Несколько дней спустя доктор Фодергилл поговорил с владетелями, и они согласились встретиться со мной у мистера Т. Пенна на Спринг-Гардене. Сначала разговор состоял из обычных изъявлений готовности договориться на разумных основаниях, хотя каждая из сторон, видимо, понимала слово «разумный» по-своему. Затем мы перешли к рассмотрению спорных вопросов, которые я перечислил. Владетели по мере сил оправдывали свое поведение, а я – поведение Ассамблеи. Тут выяснилось, что наши мнения расходятся, да так далеко, что на соглашение словно бы нечего и надеяться. И все же они просили меня изложить наши притязания в письменном виде, обещая тогда их обдумать. Я это выполнил быстро, но они передали мою бумагу своему поверенному Фердинанду Джону Парису, который вел их дело в знаменитой тяжбе с лордом Балтимором, владетелем соседнего Мэриленда, длившейся семьдесят лет, и писал для них все их послания в спорах с Ассамблеей. Это был человек надменный и вспыльчивый, а так как я в ответах Ассамблеи отзывался о его писаниях довольно строго, как о хромающих по части логики и высокомерных по тону, он проникся ко мне лютой ненавистью, прорывавшейся наружу при каждой нашей встрече. Поэтому я отклонил предложение владетелей обсудить с ним наши притязания один на один и заявил, что буду разговаривать только с ними самими. Тогда они, по его совету, передали мою бумагу министру юстиции и его заместителю, дабы узнать их мнение, и у них она пролежала без восьми дней год, причем я за это время не раз напоминал владетелям, что жду ответа, а от них слышал одно: они еще не ознакомились с мнением министра и его заместителя. Каково оказалось это мнение, когда они его в конце концов узнали, мне неизвестно, ибо мне они его не сообщили, а послали длинное письмо Ассамблее, составленное и подписанное Парисом, который, ссылаясь на мою жалобу, сетовал, что написана она не по правилам и это является грубостью с моей стороны, и мимоходом оправдывал поведение владетелей; однако добавил, что они не прочь договориться, если Ассамблея направит в Англию для переговоров какого-нибудь человека, безусловно заслуживающего доверия, из чего следовало, что я таковым не являюсь.

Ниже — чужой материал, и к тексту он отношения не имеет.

Lemma dcut_posimod s X Y : s \notin X -> s \notin Y ->
  dcut G (X :\: Y) + dcut G (Y :\: X) + 2 * deg_into s (X :&: Y) <= dcut G X + dcut G Y.
Proof.
move=> sX sY; rewrite /dcut /deg_into !count_sum big_distrr -!big_split /=.
apply: leq_sum => -[a b] _; rewrite /crossing /incident /other !inE /=.
case: (eqVneq a s) => [->|_]; first by rewrite (negbTE sX) (negbTE sY); do 2!case: (_ \in _).
case: (eqVneq b s) => [->|_]; first by rewrite (negbTE sX) (negbTE sY); do 2!case: (_ \in _).
by rewrite muln0 addn0; do 2!case: (_ \in X); do 2!case: (_ \in Y).
Qed.

Lemma odd_dcut X Y : odd (dcut G X) = odd (dcut G (X :&: Y)) (+) odd (dcut G (X :\: Y)).
Proof.
rewrite /dcut !count_sum; elim: G => [|e l IH]; rewrite ?big_nil ?big_cons //= !oddD IH.
rewrite /crossing !inE; do 2!case: (_ \in X); do 2!case: (_ \in Y);
  by do 2!case: (odd (\sum_(_ <- l) _)).
Qed.

Lemma dcut_setU1 s U : loopless G -> s \notin U ->
  dcut G (s |: U) + 2 * deg_into s U = dcut G U + deg G s.
Proof.
move=> /allP noloop sU; rewrite /dcut /deg_into /deg !count_sum big_distrr -!big_split /=.
apply: eq_big_seq => -[a b] /noloop /= ab; rewrite /crossing /incident /other !inE /=.
case: (eqVneq a s) => [eas|_].
  by rewrite eas eq_sym in ab *; rewrite (negbTE ab) (negbTE sU); case: (b \in U).
case: (eqVneq b s) => [->|_] /=; first by rewrite (negbTE sU); case: (a \in U).
by rewrite muln0 !addn0.
Qed.

End CutFunction.

(** * Dangerous sets *)

Definition isolated_balanced (T : finType) (R : rel T) (f : T) (P : {set T}) :=
  [/\ f \notin P, #|P| = #|~: (f |: P)|, forall v, v != f -> R f v &
      forall u v, u != f -> v != f -> R u v = ((u \in P) == (v \in P))].

Section Dangerous.
Variables (V T : finType) (A : {set V}) (s : V) (k : nat).
Variables (d : {set V} -> nat) (tip : T -> V).
Implicit Types (U X Y Z : {set V}).

Definition ntips U := #|[set t | tip t \in U]|.
Definition splits U := (A :&: U != set0) && (A :\: U != set0).
Definition dangerous X := [&& s \notin X, splits X & d X <= (2 * k).+1].
Definition codangerous t u := [exists X, [&& dangerous X, tip t \in X & tip u \in X]].

Hypotheses (sA : s \notin A) (tipA : forall t, tip t \in A).
Hypothesis d_submod : forall X Y, d (X :&: Y) + d (X :|: Y) <= d X + d Y.
Hypothesis d_posimod : forall X Y, s \notin X -> s \notin Y ->
  d (X :\: Y) + d (Y :\: X) + 2 * ntips (X :&: Y) <= d X + d Y.
Hypothesis odd_d : forall X Y, odd (d X) = odd (d (X :&: Y)) (+) odd (d (X :\: Y)).
Hypothesis d_setU1 : forall U, s \notin U -> d (s |: U) + 2 * ntips U = d U + #|T|.
Hypothesis d_splits : forall U, splits U -> 2 * k <= d U.
Hypothesis card_T : 3 < #|T|.

Lemma codangerousP t u :
  reflect (exists X, [/\ dangerous X, tip t \in X & tip u \in X]) (codangerous t u).
Proof. by apply: (iffP existsP) => -[X] /and3P; exists X. Qed.

Lemma codangerous_sym t u : codangerous t u = codangerous u t.
Proof. by apply/codangerousP/codangerousP => -[X [dX tX uX]]; exists X. Qed.

Lemma splitsI U a b : a \in A -> a \in U -> b \in A -> b \notin U -> splits U.
Proof.
move=> aA aU bA bU; apply/andP; split; apply/set0Pn.
  by exists a; rewrite inE aA aU.
by exists b; rewrite inE bA bU.
Qed.

Lemma splits_out U : splits U -> exists2 b, b \in A & b \notin U.
Proof. by case/andP=> _ /set0Pn [b]; rewrite inE => /andP [bU bA]; exists b. Qed.

Lemma splits_setU1 U : splits U -> splits (s |: U).
Proof.
move=> sU; case/andP: (sU) => /set0Pn [a]; rewrite inE => /andP [aA aU] _.
have [b bA bU] := splits_out sU; apply: (splitsI aA _ bA); first by rewrite inE aU orbT.
by rewrite !inE negb_or bU andbT; apply: contraNneq sA => <-.
Qed.

Lemma ntips_gt0 t U : tip t \in U -> 0 < ntips U.
Proof. by move=> tU; apply/card_gt0P; exists t; rewrite inE. Qed.

Lemma not_codangerous_cover e f g X Y : dangerous X -> dangerous Y ->
  tip e \in X -> tip f \in X -> tip f \in Y -> tip g \in Y -> ~~ codangerous e g ->
  [/\ tip e \notin Y, tip g \notin X, A \subset X :|: Y & ntips (X :&: Y) <= 1].
Proof.
move=> dX dY eX fX fY gY not_eg.
have [sX spX dXl] := and3P dX; have [sY spY dYl] := and3P dY.
have eY : tip e \notin Y by apply: contra not_eg => eY; apply/codangerousP; exists Y.
have gX : tip g \notin X by apply: contra not_eg => gX; apply/codangerousP; exists X.
have dXY : 2 * k <= d (X :\: Y).
  by apply/d_splits/(splitsI (tipA e) _ (tipA f)); rewrite !inE ?eY ?eX ?fY.
have dYX : 2 * k <= d (Y :\: X).
  by apply/d_splits/(splitsI (tipA g) _ (tipA f)); rewrite !inE ?gY ?gX ?fX.
have ntips1 : 0 < ntips (X :&: Y) by apply: (@ntips_gt0 f); rewrite inE fX fY.
have pos := d_posimod sX sY.
split=> //; last by move: pos dXY dYX dXl dYl; clear; lia.
apply/negPn/negP=> /subsetPn [b bA bXY]; case/negP: not_eg; apply/codangerousP.
exists (X :|: Y); rewrite !inE eX gY orbT; split=> //.
have dXe : d X = (2 * k).+1 by move: pos dXY dYX dXl dYl ntips1; clear; lia.
have dXYe : d (X :\: Y) = 2 * k by move: pos dXY dYX dXl dYl ntips1; clear; lia.
(* Parity makes d (X :&: Y) odd, hence > 2k, and then submodularity
   leaves d (X :|: Y) <= 2k+1. *)
have odd_meet : odd (d (X :&: Y)).
  by move: (odd_d X Y); rewrite dXe dXYe oddS !oddM /= addbF => <-.
have dI : 2 * k <= d (X :&: Y).
  by apply/d_splits/(splitsI (tipA f) _ (tipA e)); rewrite in_setI ?fX ?fY ?(negbTE eY) ?andbF.
have meet_big : (2 * k).+1 <= d (X :&: Y).
  by rewrite ltn_neqAle dI andbT; apply: contraTneq odd_meet => <-; rewrite oddM.
rewrite /dangerous inE negb_or sX sY (splitsI (tipA e) _ bA bXY) ?inE ?eX //=.
by have := d_submod X Y; move: meet_big dXe dYl; clear; lia.
Qed.

Lemma dangerous_cover X Z h h' : dangerous X -> dangerous Z ->
  tip h \in X -> tip h \in Z -> tip h' \in Z -> tip h' \notin X ->
  #|T| < 2 * ntips X -> A \subset X :|: Z.
Proof.
move=> /and3P [sX spX dXl] /and3P [sZ spZ dZl] hX hZ h'Z h'X big.
apply/negPn/negP=> /subsetPn [b bA bXZ].
have [a aA aX] := splits_out spX.
have dI : 2 * k <= d (X :&: Z).
  by apply/d_splits/(splitsI (tipA h) _ aA); rewrite in_setI ?hX ?hZ ?(negbTE aX).
have spU : splits (X :|: Z) by apply: (splitsI (tipA h) _ bA bXZ); rewrite in_setU hX.
have sU : s \notin X :|: Z by rewrite in_setU negb_or sX sZ.
have more : (ntips X).+1 <= ntips (X :|: Z).
  have -> : (ntips X).+1 = #|h' |: [set t | tip t \in X]| by rewrite cardsU1 inE h'X.
  apply/subset_leq_card/subsetP => t; rewrite !inE.
  by case/predU1P=> [->|->]; rewrite ?h'Z ?orbT.
have := d_setU1 sU; have := d_splits (splits_setU1 spU); have := d_submod X Z.
by move: dI more big dXl dZl; clear; lia.
Qed.

Section NonTransitive.
Variables (e f g : T) (X Y : {set V}).
Hypotheses (dX : dangerous X) (dY : dangerous Y) (eX : tip e \in X) (fX : tip f \in X)
  (fY : tip f \in Y) (gY : tip g \in Y) (not_eg : ~~ codangerous e g).

Let P := [set t | (tip t \in X) && (tip t \notin Y)].
Let Q := [set t | (tip t \in Y) && (tip t \notin X)].

Lemma tip_in_both t : tip t \in X -> tip t \in Y -> t = f.
Proof.
have [_ _ _ /card_le1_eqP le1] := not_codangerous_cover dX dY eX fX fY gY not_eg.
by move=> tX tY; apply: le1; rewrite !inE ?tX ?tY ?fX ?fY.
Qed.

Lemma tips_partition t : [|| t == f, t \in P | t \in Q].
Proof.
have [_ _ cover _] := not_codangerous_cover dX dY eX fX fY gY not_eg.
have := subsetP cover _ (tipA t); rewrite !inE.
case tX: (tip t \in X); case tY: (tip t \in Y) => //= _; rewrite ?orbT //.
by rewrite (tip_in_both tX tY) eqxx.
Qed.

Lemma fP : f \notin P. Proof. by rewrite inE fY andbF. Qed.
Lemma fQ : f \notin Q. Proof. by rewrite inE fX andbF. Qed.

Несоблюдение правил, расцененное как грубость, состояло, вероятно, в том, что в обращении к ним я не употребил их полного звания «Истинный и неограниченный владетель провинции Пенсильвания», а я его опустил, сочтя необязательным в документе, единственным назначением которого было подтвердить на бумаге то, что я уже выразил устно.